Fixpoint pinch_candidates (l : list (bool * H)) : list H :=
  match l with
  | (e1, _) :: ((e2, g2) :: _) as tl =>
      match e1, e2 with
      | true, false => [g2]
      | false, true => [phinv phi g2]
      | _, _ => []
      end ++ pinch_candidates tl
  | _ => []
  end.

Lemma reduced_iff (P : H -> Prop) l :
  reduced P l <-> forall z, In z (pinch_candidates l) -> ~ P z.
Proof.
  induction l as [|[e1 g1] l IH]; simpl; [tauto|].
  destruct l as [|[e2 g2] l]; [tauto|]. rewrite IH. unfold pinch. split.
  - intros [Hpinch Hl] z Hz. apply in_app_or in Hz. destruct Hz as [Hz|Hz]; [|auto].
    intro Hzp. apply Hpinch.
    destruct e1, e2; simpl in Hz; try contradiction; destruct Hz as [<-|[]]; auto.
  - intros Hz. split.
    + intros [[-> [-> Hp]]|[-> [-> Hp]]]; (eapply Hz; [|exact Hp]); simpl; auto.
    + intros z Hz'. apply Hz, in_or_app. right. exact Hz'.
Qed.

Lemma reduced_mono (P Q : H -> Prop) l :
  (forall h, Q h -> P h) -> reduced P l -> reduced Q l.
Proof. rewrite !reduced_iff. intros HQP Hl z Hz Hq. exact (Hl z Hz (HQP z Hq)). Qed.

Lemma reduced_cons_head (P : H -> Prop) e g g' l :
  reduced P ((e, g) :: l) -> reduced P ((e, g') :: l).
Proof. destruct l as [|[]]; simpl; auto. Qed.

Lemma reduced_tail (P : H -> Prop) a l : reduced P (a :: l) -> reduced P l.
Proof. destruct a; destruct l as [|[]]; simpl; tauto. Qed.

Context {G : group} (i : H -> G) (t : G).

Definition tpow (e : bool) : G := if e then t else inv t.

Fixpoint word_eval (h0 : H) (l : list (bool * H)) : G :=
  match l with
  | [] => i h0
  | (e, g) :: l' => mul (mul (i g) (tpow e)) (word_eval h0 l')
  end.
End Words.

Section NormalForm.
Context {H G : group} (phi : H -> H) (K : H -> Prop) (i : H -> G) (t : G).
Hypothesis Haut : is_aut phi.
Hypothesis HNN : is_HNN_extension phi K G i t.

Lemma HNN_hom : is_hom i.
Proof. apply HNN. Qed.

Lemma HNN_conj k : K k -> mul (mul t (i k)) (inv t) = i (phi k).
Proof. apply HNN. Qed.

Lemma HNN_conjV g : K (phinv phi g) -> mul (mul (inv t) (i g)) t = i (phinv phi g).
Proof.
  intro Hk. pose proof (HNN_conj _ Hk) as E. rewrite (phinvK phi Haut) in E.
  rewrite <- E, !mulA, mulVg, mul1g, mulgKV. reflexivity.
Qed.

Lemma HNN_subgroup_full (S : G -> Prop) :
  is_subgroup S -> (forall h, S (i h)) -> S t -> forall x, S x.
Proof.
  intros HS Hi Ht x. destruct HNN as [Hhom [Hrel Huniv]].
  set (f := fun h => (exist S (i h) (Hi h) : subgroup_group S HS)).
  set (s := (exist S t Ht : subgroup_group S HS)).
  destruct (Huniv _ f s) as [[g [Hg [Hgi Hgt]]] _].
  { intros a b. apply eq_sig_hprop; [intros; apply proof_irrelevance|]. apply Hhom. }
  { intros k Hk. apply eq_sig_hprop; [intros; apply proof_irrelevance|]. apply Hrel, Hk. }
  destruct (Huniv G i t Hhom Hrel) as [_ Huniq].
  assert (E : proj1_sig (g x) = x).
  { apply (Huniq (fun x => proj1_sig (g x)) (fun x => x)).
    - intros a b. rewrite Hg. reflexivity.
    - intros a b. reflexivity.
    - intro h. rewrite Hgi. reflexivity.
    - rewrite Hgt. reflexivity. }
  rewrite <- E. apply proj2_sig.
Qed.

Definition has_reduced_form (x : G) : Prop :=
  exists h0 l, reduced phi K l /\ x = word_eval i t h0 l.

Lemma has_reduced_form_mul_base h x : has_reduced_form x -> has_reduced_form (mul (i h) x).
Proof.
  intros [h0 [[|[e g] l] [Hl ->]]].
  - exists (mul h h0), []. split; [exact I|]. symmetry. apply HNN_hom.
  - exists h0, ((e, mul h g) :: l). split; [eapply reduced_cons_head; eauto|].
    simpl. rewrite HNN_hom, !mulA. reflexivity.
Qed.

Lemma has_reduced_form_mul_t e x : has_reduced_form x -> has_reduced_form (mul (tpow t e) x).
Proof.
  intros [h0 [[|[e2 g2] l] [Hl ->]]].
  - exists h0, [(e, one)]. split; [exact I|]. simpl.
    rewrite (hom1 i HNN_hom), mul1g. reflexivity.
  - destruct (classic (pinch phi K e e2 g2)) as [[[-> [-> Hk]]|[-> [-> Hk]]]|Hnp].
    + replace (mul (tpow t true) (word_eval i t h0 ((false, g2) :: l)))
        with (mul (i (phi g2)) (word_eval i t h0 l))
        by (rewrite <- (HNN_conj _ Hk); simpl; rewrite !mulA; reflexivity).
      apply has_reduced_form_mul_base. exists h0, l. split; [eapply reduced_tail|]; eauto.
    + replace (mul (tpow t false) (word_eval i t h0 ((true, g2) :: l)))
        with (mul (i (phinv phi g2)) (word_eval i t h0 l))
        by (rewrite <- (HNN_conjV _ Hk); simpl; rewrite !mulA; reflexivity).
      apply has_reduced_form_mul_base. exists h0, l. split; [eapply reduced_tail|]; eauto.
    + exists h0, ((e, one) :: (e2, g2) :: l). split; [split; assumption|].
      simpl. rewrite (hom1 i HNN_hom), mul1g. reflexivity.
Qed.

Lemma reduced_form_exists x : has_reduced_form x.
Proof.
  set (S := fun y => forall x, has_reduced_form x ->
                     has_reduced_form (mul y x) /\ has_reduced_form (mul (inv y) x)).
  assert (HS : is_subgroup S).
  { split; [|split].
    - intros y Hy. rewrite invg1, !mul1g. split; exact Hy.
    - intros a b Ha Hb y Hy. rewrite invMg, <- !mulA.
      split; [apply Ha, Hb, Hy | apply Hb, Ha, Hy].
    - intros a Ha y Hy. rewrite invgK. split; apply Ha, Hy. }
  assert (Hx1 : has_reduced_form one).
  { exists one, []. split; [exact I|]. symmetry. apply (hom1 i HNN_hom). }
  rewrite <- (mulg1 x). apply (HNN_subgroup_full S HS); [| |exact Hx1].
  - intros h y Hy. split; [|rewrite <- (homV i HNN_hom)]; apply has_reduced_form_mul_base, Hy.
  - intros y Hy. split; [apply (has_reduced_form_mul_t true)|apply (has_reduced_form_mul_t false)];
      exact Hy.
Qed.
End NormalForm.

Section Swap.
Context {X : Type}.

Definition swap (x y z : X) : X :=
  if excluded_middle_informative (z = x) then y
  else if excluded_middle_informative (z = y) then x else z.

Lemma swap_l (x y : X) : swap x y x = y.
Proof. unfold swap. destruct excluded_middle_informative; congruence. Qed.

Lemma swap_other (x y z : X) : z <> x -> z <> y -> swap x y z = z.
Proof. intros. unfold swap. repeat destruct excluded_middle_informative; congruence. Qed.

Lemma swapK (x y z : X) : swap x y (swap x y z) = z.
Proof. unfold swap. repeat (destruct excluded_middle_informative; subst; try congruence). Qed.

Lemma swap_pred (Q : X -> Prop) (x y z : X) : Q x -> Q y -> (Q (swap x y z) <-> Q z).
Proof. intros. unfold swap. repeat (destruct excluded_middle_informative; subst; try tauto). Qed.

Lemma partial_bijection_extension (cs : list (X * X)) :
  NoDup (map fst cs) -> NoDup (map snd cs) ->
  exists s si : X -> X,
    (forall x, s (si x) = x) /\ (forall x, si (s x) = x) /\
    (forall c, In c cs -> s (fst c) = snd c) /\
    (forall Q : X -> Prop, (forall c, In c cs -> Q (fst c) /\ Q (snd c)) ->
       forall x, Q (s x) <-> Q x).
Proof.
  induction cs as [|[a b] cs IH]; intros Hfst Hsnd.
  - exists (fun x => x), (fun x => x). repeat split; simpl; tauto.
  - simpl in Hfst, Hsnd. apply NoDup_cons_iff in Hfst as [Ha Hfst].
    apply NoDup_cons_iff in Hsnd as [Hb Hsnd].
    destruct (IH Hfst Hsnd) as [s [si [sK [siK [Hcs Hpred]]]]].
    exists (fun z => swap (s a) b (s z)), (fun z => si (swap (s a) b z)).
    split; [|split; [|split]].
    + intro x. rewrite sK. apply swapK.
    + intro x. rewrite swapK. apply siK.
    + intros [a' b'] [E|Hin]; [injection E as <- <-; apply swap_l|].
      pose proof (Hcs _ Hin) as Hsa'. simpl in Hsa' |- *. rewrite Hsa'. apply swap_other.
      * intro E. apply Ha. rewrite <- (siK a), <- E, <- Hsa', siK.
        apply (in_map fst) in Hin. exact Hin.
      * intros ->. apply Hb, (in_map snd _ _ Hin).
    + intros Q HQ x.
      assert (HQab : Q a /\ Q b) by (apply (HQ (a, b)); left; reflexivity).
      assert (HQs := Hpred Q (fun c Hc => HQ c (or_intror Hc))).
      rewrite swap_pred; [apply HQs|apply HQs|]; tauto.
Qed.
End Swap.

= = = = =

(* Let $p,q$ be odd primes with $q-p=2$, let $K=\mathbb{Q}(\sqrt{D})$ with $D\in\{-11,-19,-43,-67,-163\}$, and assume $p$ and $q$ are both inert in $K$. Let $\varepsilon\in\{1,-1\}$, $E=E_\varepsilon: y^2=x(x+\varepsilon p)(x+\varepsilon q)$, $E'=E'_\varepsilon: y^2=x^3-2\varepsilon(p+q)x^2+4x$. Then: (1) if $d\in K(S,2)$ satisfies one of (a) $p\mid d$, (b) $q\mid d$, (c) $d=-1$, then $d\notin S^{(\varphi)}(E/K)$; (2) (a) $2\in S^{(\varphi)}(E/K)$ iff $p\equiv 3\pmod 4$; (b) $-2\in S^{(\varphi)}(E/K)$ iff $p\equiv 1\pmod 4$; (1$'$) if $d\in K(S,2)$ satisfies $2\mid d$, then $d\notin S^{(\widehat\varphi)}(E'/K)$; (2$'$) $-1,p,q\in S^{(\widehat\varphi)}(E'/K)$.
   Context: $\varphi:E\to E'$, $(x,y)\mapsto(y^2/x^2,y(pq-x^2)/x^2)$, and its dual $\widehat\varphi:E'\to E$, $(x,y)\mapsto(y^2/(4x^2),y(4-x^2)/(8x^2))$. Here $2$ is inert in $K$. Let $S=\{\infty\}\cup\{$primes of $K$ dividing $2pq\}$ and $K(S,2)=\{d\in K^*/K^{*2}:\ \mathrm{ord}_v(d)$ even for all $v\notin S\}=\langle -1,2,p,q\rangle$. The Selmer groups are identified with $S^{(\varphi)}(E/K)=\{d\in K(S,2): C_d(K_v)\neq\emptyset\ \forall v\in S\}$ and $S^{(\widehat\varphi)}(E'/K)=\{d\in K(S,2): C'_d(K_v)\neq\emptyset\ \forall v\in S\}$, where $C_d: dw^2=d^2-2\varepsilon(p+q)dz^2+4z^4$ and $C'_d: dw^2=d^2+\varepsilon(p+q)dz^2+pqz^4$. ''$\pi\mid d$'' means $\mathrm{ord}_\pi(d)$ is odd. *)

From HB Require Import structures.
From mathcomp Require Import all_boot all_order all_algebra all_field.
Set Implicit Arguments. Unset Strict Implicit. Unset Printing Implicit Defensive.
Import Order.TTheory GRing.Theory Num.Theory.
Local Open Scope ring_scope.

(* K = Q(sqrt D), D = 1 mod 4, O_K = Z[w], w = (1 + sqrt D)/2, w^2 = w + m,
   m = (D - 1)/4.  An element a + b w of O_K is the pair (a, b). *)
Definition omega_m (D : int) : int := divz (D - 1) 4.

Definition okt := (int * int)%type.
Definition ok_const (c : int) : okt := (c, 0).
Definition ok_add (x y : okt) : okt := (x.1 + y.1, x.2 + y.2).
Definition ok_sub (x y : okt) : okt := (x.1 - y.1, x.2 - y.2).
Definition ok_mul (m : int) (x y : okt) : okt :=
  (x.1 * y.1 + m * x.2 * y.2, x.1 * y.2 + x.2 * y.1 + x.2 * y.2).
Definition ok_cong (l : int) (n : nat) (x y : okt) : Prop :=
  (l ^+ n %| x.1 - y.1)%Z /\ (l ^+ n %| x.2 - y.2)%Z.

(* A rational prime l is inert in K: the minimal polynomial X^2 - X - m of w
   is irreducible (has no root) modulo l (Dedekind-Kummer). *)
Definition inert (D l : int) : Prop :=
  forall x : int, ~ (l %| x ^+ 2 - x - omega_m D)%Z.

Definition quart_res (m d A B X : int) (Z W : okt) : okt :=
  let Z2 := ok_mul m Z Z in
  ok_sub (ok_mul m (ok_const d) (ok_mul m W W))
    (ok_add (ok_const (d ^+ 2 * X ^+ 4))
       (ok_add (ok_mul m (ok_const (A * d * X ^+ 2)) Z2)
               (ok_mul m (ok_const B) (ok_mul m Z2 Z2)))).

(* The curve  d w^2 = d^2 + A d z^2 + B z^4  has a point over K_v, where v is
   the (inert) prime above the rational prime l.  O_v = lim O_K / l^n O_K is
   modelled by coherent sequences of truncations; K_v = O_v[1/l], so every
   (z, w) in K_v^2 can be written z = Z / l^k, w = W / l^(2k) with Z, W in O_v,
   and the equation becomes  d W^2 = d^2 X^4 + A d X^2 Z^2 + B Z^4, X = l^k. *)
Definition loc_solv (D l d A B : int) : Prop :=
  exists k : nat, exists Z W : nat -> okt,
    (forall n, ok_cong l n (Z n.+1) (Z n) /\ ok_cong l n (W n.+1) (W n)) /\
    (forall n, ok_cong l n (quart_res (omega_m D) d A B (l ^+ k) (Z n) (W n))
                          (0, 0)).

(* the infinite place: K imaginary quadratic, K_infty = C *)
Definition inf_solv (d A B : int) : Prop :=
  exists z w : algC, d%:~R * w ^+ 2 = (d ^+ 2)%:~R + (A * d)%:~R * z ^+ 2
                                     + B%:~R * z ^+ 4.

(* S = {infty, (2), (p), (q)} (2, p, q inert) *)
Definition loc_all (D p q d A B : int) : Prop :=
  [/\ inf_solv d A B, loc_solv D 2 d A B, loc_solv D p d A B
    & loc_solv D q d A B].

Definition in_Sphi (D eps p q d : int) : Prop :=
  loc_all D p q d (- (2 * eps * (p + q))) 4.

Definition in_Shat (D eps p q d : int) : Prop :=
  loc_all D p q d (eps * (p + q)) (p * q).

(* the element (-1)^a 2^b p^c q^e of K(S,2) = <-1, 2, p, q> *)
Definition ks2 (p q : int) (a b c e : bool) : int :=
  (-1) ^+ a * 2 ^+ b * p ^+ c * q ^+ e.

= = = = =

## Instructions for the task
Starting at the line that contains "Definition ok_sub (x" and stopping after the line that contains "(* The curve", write out every line exactly as it appears above, and no other line.

## Output for this exercise
Definition ok_sub (x y : okt) : okt := (x.1 - y.1, x.2 - y.2).
Definition ok_mul (m : int) (x y : okt) : okt :=
  (x.1 * y.1 + m * x.2 * y.2, x.1 * y.2 + x.2 * y.1 + x.2 * y.2).
Definition ok_cong (l : int) (n : nat) (x y : okt) : Prop :=
  (l ^+ n %| x.1 - y.1)%Z /\ (l ^+ n %| x.2 - y.2)%Z.

(* A rational prime l is inert in K: the minimal polynomial X^2 - X - m of w
   is irreducible (has no root) modulo l (Dedekind-Kummer). *)
Definition inert (D l : int) : Prop :=
  forall x : int, ~ (l %| x ^+ 2 - x - omega_m D)%Z.

Definition quart_res (m d A B X : int) (Z W : okt) : okt :=
  let Z2 := ok_mul m Z Z in
  ok_sub (ok_mul m (ok_const d) (ok_mul m W W))
    (ok_add (ok_const (d ^+ 2 * X ^+ 4))
       (ok_add (ok_mul m (ok_const (A * d * X ^+ 2)) Z2)
               (ok_mul m (ok_const B) (ok_mul m Z2 Z2)))).

(* The curve  d w^2 = d^2 + A d z^2 + B z^4  has a point over K_v, where v is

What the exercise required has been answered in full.